[[ Provided information open ]]

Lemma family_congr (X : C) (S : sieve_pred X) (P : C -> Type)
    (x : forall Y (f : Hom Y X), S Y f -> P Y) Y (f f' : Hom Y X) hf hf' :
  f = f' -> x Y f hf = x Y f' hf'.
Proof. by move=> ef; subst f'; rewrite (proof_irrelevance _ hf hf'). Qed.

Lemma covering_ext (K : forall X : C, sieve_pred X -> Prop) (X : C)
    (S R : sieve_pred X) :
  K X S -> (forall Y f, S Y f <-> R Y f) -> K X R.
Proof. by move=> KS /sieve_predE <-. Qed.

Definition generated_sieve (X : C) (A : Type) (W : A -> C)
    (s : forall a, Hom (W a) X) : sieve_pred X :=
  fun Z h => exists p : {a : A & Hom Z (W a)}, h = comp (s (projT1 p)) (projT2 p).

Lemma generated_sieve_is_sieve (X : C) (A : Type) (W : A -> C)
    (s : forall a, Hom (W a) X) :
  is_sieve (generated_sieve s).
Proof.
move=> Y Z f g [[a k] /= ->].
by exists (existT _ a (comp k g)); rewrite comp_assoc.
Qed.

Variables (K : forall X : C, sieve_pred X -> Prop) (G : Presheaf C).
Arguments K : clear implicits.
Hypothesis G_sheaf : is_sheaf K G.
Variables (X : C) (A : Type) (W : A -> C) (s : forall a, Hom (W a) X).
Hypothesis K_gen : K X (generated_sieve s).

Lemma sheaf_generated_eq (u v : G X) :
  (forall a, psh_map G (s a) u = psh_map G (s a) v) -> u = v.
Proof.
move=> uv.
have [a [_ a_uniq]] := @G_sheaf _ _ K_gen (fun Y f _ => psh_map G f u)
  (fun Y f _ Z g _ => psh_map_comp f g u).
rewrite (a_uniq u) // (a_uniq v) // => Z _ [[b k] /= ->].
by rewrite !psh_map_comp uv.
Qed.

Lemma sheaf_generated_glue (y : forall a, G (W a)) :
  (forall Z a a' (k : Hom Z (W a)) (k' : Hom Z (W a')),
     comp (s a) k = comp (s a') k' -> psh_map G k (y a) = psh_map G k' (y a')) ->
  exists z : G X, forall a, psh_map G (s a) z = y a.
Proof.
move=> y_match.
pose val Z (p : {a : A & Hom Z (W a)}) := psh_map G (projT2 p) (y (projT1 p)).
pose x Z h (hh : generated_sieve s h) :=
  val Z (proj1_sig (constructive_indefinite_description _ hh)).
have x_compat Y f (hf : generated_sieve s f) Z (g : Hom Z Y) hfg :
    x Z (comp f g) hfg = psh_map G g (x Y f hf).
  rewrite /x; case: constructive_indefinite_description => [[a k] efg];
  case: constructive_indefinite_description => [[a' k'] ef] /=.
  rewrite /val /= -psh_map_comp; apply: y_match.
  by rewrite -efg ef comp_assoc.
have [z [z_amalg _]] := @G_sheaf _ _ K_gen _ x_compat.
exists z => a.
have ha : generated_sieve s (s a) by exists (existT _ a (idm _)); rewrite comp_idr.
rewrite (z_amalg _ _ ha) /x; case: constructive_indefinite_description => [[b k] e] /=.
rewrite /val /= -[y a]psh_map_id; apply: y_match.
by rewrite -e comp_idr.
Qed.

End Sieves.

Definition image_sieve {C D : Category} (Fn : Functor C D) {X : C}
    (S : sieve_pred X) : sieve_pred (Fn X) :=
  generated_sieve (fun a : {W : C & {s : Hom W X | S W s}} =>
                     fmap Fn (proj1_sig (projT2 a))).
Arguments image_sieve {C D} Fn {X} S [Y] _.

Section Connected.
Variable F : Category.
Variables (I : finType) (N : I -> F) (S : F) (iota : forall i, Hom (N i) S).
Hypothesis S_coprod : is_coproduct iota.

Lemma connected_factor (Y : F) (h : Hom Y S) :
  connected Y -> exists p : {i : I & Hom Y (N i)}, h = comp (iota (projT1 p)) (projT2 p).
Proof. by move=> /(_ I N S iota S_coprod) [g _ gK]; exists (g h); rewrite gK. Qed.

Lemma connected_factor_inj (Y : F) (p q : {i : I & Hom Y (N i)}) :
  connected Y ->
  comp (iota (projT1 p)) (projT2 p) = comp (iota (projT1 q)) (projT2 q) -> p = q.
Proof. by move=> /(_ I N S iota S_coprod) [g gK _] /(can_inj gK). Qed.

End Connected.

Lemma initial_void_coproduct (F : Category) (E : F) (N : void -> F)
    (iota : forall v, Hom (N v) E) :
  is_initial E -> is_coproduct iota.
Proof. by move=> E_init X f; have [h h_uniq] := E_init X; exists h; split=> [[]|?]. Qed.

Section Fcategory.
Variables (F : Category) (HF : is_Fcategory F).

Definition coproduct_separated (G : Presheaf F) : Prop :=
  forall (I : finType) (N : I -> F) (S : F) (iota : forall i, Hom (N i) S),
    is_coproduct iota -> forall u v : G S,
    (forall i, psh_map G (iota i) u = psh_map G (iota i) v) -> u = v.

[[ Provided information closed ]]
[[ Provided information open ]]

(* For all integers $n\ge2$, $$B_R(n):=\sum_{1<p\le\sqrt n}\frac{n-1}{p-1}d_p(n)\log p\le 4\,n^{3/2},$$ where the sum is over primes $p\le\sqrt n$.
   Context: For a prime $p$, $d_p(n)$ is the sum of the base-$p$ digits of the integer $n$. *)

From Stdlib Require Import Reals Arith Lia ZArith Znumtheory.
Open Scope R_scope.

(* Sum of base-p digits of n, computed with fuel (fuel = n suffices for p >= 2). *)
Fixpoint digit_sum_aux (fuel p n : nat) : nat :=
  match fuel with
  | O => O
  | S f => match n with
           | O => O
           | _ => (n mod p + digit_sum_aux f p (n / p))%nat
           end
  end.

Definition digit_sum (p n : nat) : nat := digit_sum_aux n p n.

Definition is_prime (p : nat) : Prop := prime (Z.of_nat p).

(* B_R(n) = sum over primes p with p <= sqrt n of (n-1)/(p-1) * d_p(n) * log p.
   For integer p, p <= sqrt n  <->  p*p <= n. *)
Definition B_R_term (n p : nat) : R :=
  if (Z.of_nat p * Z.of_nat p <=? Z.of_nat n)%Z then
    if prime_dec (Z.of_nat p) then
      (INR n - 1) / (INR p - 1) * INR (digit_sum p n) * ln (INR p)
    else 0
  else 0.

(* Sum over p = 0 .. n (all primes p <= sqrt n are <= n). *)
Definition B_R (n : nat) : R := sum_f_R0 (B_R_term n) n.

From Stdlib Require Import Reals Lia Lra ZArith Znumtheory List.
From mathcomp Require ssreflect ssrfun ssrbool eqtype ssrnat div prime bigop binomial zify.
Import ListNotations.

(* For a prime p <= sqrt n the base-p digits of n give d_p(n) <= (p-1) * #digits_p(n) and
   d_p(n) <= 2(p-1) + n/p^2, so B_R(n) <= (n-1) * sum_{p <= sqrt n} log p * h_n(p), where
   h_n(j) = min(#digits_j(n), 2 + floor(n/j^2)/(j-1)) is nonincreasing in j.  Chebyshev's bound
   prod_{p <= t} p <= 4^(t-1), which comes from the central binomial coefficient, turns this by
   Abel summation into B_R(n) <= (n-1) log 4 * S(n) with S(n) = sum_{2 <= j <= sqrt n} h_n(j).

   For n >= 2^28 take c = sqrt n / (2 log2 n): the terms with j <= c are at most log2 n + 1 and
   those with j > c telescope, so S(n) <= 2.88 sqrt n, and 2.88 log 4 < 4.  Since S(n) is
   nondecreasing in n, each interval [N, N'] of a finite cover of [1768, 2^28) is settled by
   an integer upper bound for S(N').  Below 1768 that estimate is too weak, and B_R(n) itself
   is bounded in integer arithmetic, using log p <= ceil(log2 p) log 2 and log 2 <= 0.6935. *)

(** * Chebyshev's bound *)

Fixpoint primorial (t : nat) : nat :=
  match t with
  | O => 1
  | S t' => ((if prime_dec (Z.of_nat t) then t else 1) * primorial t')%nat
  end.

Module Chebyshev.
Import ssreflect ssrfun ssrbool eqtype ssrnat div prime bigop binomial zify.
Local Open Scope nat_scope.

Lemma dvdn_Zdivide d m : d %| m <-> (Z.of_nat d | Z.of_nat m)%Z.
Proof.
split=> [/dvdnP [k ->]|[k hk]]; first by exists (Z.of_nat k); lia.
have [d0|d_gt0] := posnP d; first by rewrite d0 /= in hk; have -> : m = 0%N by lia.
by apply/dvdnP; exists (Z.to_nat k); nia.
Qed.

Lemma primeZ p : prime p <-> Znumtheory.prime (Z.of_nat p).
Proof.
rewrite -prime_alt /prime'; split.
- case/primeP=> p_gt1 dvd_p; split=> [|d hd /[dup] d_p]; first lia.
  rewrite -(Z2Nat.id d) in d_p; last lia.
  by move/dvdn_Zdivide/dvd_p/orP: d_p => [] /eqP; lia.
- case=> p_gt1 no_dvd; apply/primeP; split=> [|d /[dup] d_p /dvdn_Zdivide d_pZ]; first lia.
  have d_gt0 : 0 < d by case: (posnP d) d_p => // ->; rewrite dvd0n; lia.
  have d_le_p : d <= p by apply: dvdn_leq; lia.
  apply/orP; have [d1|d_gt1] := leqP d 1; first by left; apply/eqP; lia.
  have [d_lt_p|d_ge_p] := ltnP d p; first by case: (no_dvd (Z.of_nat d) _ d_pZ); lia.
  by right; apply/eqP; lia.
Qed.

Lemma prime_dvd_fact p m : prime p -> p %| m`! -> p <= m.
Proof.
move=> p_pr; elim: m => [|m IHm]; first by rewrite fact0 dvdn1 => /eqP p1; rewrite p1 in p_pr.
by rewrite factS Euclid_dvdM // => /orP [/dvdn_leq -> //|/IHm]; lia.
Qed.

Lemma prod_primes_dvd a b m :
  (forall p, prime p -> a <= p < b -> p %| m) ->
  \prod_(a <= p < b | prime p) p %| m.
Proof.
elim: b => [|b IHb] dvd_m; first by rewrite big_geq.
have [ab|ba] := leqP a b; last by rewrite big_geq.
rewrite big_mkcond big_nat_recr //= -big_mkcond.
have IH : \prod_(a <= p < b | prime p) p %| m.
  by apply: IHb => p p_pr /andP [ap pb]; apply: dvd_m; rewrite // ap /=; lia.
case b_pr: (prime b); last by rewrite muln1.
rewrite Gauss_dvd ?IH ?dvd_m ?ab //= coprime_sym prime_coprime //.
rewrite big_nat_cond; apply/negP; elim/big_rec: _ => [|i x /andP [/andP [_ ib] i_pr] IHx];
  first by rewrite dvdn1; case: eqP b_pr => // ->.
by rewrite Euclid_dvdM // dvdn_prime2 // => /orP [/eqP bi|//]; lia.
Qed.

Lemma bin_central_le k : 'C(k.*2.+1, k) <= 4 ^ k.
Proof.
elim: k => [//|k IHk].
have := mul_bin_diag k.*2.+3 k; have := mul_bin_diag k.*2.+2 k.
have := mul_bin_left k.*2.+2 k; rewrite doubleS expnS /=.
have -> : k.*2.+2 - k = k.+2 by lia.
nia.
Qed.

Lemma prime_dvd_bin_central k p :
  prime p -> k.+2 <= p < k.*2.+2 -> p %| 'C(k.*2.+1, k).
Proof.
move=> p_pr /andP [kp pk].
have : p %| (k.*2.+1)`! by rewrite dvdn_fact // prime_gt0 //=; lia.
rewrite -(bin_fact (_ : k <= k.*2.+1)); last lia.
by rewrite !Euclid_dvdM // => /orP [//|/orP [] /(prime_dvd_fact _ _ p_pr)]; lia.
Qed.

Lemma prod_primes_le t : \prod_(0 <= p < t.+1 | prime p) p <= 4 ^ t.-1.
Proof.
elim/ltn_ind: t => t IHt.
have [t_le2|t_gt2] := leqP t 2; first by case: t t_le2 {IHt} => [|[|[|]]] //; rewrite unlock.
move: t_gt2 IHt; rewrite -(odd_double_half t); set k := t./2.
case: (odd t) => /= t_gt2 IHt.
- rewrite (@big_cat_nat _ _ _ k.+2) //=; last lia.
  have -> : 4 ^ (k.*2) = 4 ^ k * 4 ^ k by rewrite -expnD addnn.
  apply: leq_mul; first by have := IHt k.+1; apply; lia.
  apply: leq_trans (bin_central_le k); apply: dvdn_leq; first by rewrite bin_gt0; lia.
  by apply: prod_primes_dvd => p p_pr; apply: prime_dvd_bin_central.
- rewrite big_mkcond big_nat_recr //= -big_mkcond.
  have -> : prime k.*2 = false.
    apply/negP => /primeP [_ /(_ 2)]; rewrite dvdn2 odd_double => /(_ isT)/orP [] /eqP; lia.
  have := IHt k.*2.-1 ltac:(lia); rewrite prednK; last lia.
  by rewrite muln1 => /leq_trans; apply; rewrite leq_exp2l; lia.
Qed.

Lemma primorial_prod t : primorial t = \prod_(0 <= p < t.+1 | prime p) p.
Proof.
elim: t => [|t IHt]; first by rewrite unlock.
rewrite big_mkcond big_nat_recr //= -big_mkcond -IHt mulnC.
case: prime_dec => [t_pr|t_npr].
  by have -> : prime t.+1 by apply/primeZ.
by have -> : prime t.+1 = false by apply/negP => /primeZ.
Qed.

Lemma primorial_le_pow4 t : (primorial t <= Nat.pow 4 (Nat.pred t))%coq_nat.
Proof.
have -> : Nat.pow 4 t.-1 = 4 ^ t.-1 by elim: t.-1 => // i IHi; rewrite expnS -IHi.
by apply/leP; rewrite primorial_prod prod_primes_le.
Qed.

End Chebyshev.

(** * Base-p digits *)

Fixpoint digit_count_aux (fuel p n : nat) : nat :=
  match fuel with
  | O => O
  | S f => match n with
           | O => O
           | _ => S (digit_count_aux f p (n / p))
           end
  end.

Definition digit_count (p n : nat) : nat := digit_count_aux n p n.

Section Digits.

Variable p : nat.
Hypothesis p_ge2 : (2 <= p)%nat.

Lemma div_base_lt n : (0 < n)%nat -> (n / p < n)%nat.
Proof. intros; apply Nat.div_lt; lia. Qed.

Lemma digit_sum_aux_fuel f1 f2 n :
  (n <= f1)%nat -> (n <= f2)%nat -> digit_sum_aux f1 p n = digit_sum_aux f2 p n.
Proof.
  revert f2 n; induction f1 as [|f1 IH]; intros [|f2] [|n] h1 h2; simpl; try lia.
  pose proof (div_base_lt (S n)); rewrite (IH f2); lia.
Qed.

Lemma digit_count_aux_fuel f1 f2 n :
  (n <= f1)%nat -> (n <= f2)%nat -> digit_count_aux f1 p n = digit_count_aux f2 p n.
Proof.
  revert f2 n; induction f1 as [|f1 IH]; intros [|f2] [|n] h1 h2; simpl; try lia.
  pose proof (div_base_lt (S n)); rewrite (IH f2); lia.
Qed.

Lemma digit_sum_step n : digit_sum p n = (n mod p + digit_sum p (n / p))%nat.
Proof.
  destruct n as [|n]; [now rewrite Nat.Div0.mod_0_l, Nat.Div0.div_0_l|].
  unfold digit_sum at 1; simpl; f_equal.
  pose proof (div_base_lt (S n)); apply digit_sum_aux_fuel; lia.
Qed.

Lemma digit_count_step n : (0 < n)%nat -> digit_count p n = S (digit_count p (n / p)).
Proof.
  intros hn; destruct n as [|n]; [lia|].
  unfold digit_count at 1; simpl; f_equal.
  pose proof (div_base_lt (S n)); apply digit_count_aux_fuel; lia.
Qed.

[[ Provided information closed ]]

== Task description ==
In the listing above, find the line containing "Lemma family_congr (X" and the line containing "Proof. by move=> KS /sieve_predE <-. Qed.", then retype both and every line between them exactly, with nothing else.

== Output of the exercise ==
Lemma family_congr (X : C) (S : sieve_pred X) (P : C -> Type)
    (x : forall Y (f : Hom Y X), S Y f -> P Y) Y (f f' : Hom Y X) hf hf' :
  f = f' -> x Y f hf = x Y f' hf'.
Proof. by move=> ef; subst f'; rewrite (proof_irrelevance _ hf hf'). Qed.

Lemma covering_ext (K : forall X : C, sieve_pred X -> Prop) (X : C)
    (S R : sieve_pred X) :
  K X S -> (forall Y f, S Y f <-> R Y f) -> K X R.
Proof. by move=> KS /sieve_predE <-. Qed.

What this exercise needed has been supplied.